What he had never thought about before was whether his path-sense had something like peripheral vision. Could he be concentrating on one path, and yet still be able to sense other paths? Or were they all shut out?
Or was the facemask shutting them out?
Noxon didn’t have to put it into words. He only felt the need to be able to sense all the paths without losing track of the one that was slowing him. The facemask responded.
But not instantly, because of course it was slowing down along with him. Or . . . the question that had bothered him and Umbo from the start . . . were he and the facemask speeding up relative to the timeflow of the path? Speeding up, not by slicing time the way Param did, which meant skipping over microchunks of time, but really speeding up, five moments per moment, experiencing every bit of time and causality, but moving so rapidly compared to the normal timeflow that it seemed slower and slower to him.
It didn’t matter what was actually happening. He saw the path resolve into Ram Odin, and then Ram moved more and more slowly, until he was almost not moving at all.
Hold me at this speed, thought Noxon.
And the facemask responded, as quickly as a reflex. Noxon no longer had to concentrate on holding this relative speed and now he could look for something else.
He almost missed it. Because the little nubs of backward time were not human-sized or human-shaped. And they didn’t flicker. It was nothing like the paths. Except in color.
Only it wasn’t color. It was the attribute that Noxon thought of as color, because that’s how he described it to Father when he first started quizzing him about it. As a child he had even thought of them as blue and green, yellow and red. But it wasn’t color at all. It was something else, the attribute that made every person’s path just a little different from everybody else’s. And markedly different from the paths of animals, and the more-intelligent animals sharply divergent from those with lesser minds.
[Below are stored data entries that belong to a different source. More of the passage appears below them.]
Lemma B8_sub_iso : ~ a ≤ abot A -> has_subalgebra_iso A B8.
Proof.
move=> a0; have av' : a ≤ v ' by rewrite -(invK PK a); apply: (le_inv PK).
have v'u' := le_inv PK uv; have u'a' := le_inv PK au.
(* the images of 0, z', x, y, y', x', z, 1 *)
pose f := nth (abot A) [:: abot A; a; u; v; v '; u '; a '; atop A].
apply: (@finalg_sub_iso A 7 _ f PK); first by vm_compute.
- by [].
- by case=> [|[|[|[|[|[|[|[|i]]]]]]]]; rewrite //= ?(invK PK) ?(inv0 PK) ?(inv1 PK).
- by apply: all_propP; do !split=> //; [apply: le0x | apply: lex1].
- apply: all_propP; do !split; rewrite /f /=; try done;
    by move/(le_inv PK); rewrite ?(invK PK) ?(inv1 PK).
rewrite (_ : incomparable_meets _ _ = [:: (2, 4, 1); (2, 5, 1); (3, 4, 1); (3, 5, 1);
                                         (4, 2, 1); (4, 3, 1); (5, 2, 1); (5, 3, 1)]).
  by apply: all_propP; do !split; rewrite /f /=; lattice.
by vm_compute.
Qed.

Lemma B6_sub_iso : a ≤ abot A -> has_subalgebra_iso A B6.
Proof.
move=> a0; have v'u' := le_inv PK uv.
have u0 : ~ u ≤ abot A by move=> u0; apply/ua/(le_trans PK u0 (le0x PK a)).
have v'0 : ~ v ' ≤ abot A by move=> v'0; apply/v'a/(le_trans PK v'0 (le0x PK a)).
(* the images of 0, x, y, y', x', 1 *)
pose f := nth (abot A) [:: abot A; u; v; v '; u '; atop A].
apply: (@finalg_sub_iso A 5 _ f PK); first by vm_compute.
- by [].
- by case=> [|[|[|[|[|[|i]]]]]]; rewrite //= ?(invK PK) ?(inv0 PK) ?(inv1 PK).
- by apply: all_propP; do !split=> //; [apply: le0x | apply: lex1 | apply: le0x | apply: lex1].
- apply: all_propP; do !split; rewrite /f /=; try done;
    by move/(le_inv PK); rewrite ?(invK PK) ?(inv1 PK).
rewrite (_ : incomparable_meets _ _ = [:: (1, 3, 0); (1, 4, 0); (2, 3, 0); (2, 4, 0);
                                         (3, 1, 0); (3, 2, 0); (4, 1, 0); (4, 2, 0)]).
  by apply: all_propP; do !split; rewrite /f /=; lattice.
by vm_compute.
Qed.

End EightElements.

Section SP1Failure.
Variables (A : alg) (x y : A).
Hypotheses (PK : pseudo_kleene A) (xy : x ≤ y) (hyp : x ' ∧ y = (x ∧ x ') ∨ (y ∧ y ')).
Local Notation a := ((x ∧ x ') ∨ (y ∧ y ')).
Local Notation u := (x ∨ (y ∧ y ')).
Local Notation v := (y ∧ (x ∨ x ')).

Let yx' : y ∧ x ' ≤ a. Proof. by rewrite (meetC PK) hyp; apply: lexx. Qed.
Let uy : u ≤ y. Proof. lattice. Qed.
Let xu : x ≤ u. Proof. exact: leUl. Qed.
Let xv : x ≤ v. Proof. lattice. Qed.

Lemma sp1_a_le_u : a ≤ u.
Proof. lattice. Qed.

Lemma sp1_u_le_v : u ≤ v.
Proof. have yy'_xx' := kleene PK y x; lattice. Qed.

Lemma sp1_meets_le_a :
  [/\ u ∧ u ' ≤ a, u ∧ v ' ≤ a, v ∧ v ' ≤ a & v ∧ u ' ≤ a].
Proof.
have vy : v ≤ y by apply: leIl.
by split; apply: (le_trans PK _ yx'); apply: (leI2 PK) => //; apply: (le_inv PK).
Qed.

Lemma sp1_v_le_a' : v ≤ a '.
Proof. lattice. Qed.

Let a_le_x' : a ≤ x '. Proof. by rewrite -hyp; apply: leIl. Qed.
Let a_le_y : a ≤ y. Proof. by rewrite -hyp; apply: leIr. Qed.

Lemma sp1_u_nle_a : ~ v ≤ u -> ~ u ≤ a.
Proof.
move=> vu ua; apply: vu; have xx' : x ≤ x ' := le_trans PK (le_trans PK xu ua) a_le_x'.
apply: (le_trans PK _ sp1_a_le_u); apply: (le_trans PK _ yx').
by apply: (leI2 PK); [apply: lexx | apply: (leUx PK) => //; apply: lexx].
Qed.

Lemma sp1_v'_nle_a : ~ v ≤ u -> ~ v ' ≤ a.
Proof.
move=> vu v'a; apply: vu; apply/(le_inv2 PK).
have y'y : y ' ≤ y.
  by apply: (le_trans PK _ a_le_y); apply: (le_trans PK _ v'a); apply/(le_inv PK)/(leIl PK).
apply: (le_trans PK (_ : _ ≤ a)); first by apply: (le_trans PK _ yx'); lattice.
by rewrite -(invK PK a); apply/(le_inv PK)/sp1_v_le_a'.
Qed.

Lemma sp1_failure_sub_iso : ~ v ≤ u -> has_subalgebra_iso A B6 \/ has_subalgebra_iso A B8.
Proof.
move=> vu; have [uu' uv' vv' vu'] := sp1_meets_le_a.
have ua := sp1_u_nle_a vu; have v'a := sp1_v'_nle_a vu.
have au := sp1_a_le_u; have uv := sp1_u_le_v; have va := sp1_v_le_a'.
case: (classic (a ≤ abot A)) => a0.
  by left; apply: (@B6_sub_iso _ a u v).
by right; apply: (@B8_sub_iso _ a u v).
Qed.

End SP1Failure.

Lemma sp1_of_no_B6_B8 (A : alg) : pseudo_kleene A ->
  ~ has_subalgebra_iso A B6 -> ~ has_subalgebra_iso A B8 -> sp1_law A.
Proof.
move=> PK noB6 noB8 x y xy hyp; apply: (le_anti PK); last exact: sp1_u_le_v.
by apply: NNPP => vu; case: (sp1_failure_sub_iso PK xy hyp vu).
Qed.

(** * Quotients onto B8* and B10 *)

Section QuotientByMap.
Variables (A C : alg) (phi : A -> C).
Hypotheses (PKA : pseudo_kleene A) (PKC : pseudo_kleene C).
Hypothesis phi_meet : forall s t, phi (s ∧ t) = phi s ∧ phi t.
Hypothesis phi_top : phi (atop A) = atop C.
Hypothesis phi_inv_le : forall s, phi s ≤ (phi (s ')) '.

Definition inv_compatible (s : A) : Prop := phi (s ') = (phi s) '.

Lemma phi_mono s t : s ≤ t -> phi s ≤ phi t.
Proof. by rewrite /ale => st; rewrite -phi_meet st. Qed.

Lemma phi_inv_le' s : phi (s ') ≤ (phi s) '.
Proof. by rewrite -{2}(invK PKA s); apply: phi_inv_le. Qed.

Lemma phi_bot : phi (abot A) = abot C.
Proof.
apply: (le_anti PKC _ (le0x PKC _)); rewrite -(inv1 PKC) -phi_top -(inv0 PKA).
exact: phi_inv_le.
Qed.

Lemma inv_compatible_meet s t :
  inv_compatible s -> inv_compatible t -> inv_compatible (s ∧ t).
Proof.
move=> cs ct; apply: (le_anti PKC (phi_inv_le' _)).
rewrite phi_meet (invI PKC) -cs -ct.
by apply: (leUx PKC); apply: phi_mono; rewrite (invI PKA); [apply: leUl | apply: leUr].
Qed.

Lemma inv_compatible_inv s : inv_compatible s -> inv_compatible (s ').
Proof. by rewrite /inv_compatible (invK PKA) => ->; rewrite (invK PKC). Qed.

Lemma inv_compatible_join s t :
  inv_compatible s -> inv_compatible t -> inv_compatible (s ∨ t).
Proof.
move=> cs ct; rewrite -(invK PKA (s ∨ t)) (invU PKA).
by apply/inv_compatible_inv/inv_compatible_meet; apply: inv_compatible_inv.
Qed.

Lemma inv_compatible_bot : inv_compatible (abot A).
Proof. by rewrite /inv_compatible (inv0 PKA) phi_top phi_bot (inv0 PKC). Qed.

Lemma inv_compatible_top : inv_compatible (atop A).
Proof. by rewrite -(inv0 PKA); apply/inv_compatible_inv/inv_compatible_bot. Qed.

Lemma phi_join s t : inv_compatible s -> inv_compatible t -> phi (s ∨ t) = phi s ∨ phi t.
Proof.
move=> cs ct; have cst := inv_compatible_join cs ct.
by rewrite -(invK PKC (phi (s ∨ t))) -cst (invU PKA) phi_meet cs ct (invI PKC) !(invK PKC).
Qed.

Lemma quotient_by_map : (forall c, exists2 s, inv_compatible s & phi s = c) ->
  exists (S : A -> Prop) th, [/\ subalgebra S, congruence S th & quot_iso S th C].
Proof.
move=> onto; exists inv_compatible, (fun s t => phi s = phi t); split.
- split; [exact: inv_compatible_meet | exact: inv_compatible_join |
          exact: inv_compatible_inv | exact: inv_compatible_bot | exact: inv_compatible_top].
- split.
  + by [].
  + by move=> x y _ _ ->.
  + by move=> x y z _ _ _ -> ->.
  + by move=> x y u v cx cy cu cv exy euv; rewrite !phi_meet !phi_join // exy euv.
  + by move=> x y cx cy exy; rewrite cx cy exy.
- exists phi; split.
  + by [].
  + by move=> c; have [s cs <-] := onto c; exists s.
  + by move=> x y _ _; apply: phi_meet.
  + exact: phi_join.
  + by split; [move=> x -> | exact: phi_bot | exact: phi_top].
Qed.

End QuotientByMap.

Definition generated_by (C : alg) (G : C -> Prop) : Prop :=
  forall P : C -> Prop,
    (forall x y, P x -> P y -> P (x ∧ y)) -> (forall x y, P x -> P y -> P (x ∨ y)) ->
    (forall x, P x -> P (x ')) -> (forall g, G g -> P g) -> forall c, P c.

Definition asbool (P : Prop) : bool := if excluded_middle_informative P then true else false.

Lemma asboolP (P : Prop) : reflect P (asbool P).
Proof. by rewrite /asbool; case: excluded_middle_informative => ?; constructor. Qed.

Section ProfileMap.
Variables (A C : alg) (m : nat) (b : nat -> A) (lab : nat -> C).
Variable rules : seq (nat * seq nat).
Hypotheses (PKA : pseudo_kleene A) (PKC : pseudo_kleene C).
It’s the consciousness itself that I’m seeing. Not the molecules of the body passing through space and time, but the mind itself. Without physical substance, and yet inextricably tied to the body and brain. It had no dimension, but it had location—like the theoretical point in geometry. Only the color made it detectable at all. A thread of it. Wherever he paid attention to it, it became detectable for only the tiniest distance—the tiniest duration in time.
It was so hard not to reach out with his mind and attach to it. Because this seemed to him to be the purest path of all, the path within the path. He had to know if it was really a person or just something he was making up because he wanted so badly to see something.
Disaster if it was something, and he attached, and the molecules of his body were annihilated. Or if he simply appeared in the outbound ship, in the normal timeflow, and then had to explain himself to that Ram Odin, which would change all of the history of Garden, maybe cause it not to exist at all. And Ram and th
e mice, trapped in the backward flow—they would just see him disappear. All this effort wasted.
He held himself back. He did not attach. Instead, he let the facemask know that it was time to ease back to the regular speed of time.
He opened his eyes.
“Tell us when you’re going to start,” said Ram Odin.
“He’s already finished,” said the expendable. “Did it work?”
“Yes,” said Noxon. “I can do this. Once we’re close enough to Earth. And if I can bring the ship along with me. I think I can do this.”
“Then what are we waiting for?” asked Ram Odin. “Slice us forward in time.”
Noxon didn’t know why he hated the idea. “What’s the hurry?” asked Noxon.
“What’s the delay for?” asked Ram Odin.
“It’s life!” said Noxon, frustrated. “Things take time. That’s how it’s supposed to work.”
“For everybody else. But look what you can do!”
“Yes, I can speed and skip and go back and all kinds of things, and you know what? Most of the time I don’t gain anything by hurrying.”
“After years on this voyage,” said Ram Odin, “I can tell you that you don’t gain all that much by waiting, either.”
“Not waiting,” said Noxon. “You didn’t wait. You read. You talked with him.”
“I didn’t accomplish anything,” said Ram, “except to avoid being comatose for the jump.”
“You didn’t learn anything? None of your thoughts were worth having? None of your conversations had value?”
“It was boring,” said Ram Odin.
“You seemed interested enough at the time,” said the expendable. “Maybe it’s only boring to remember.”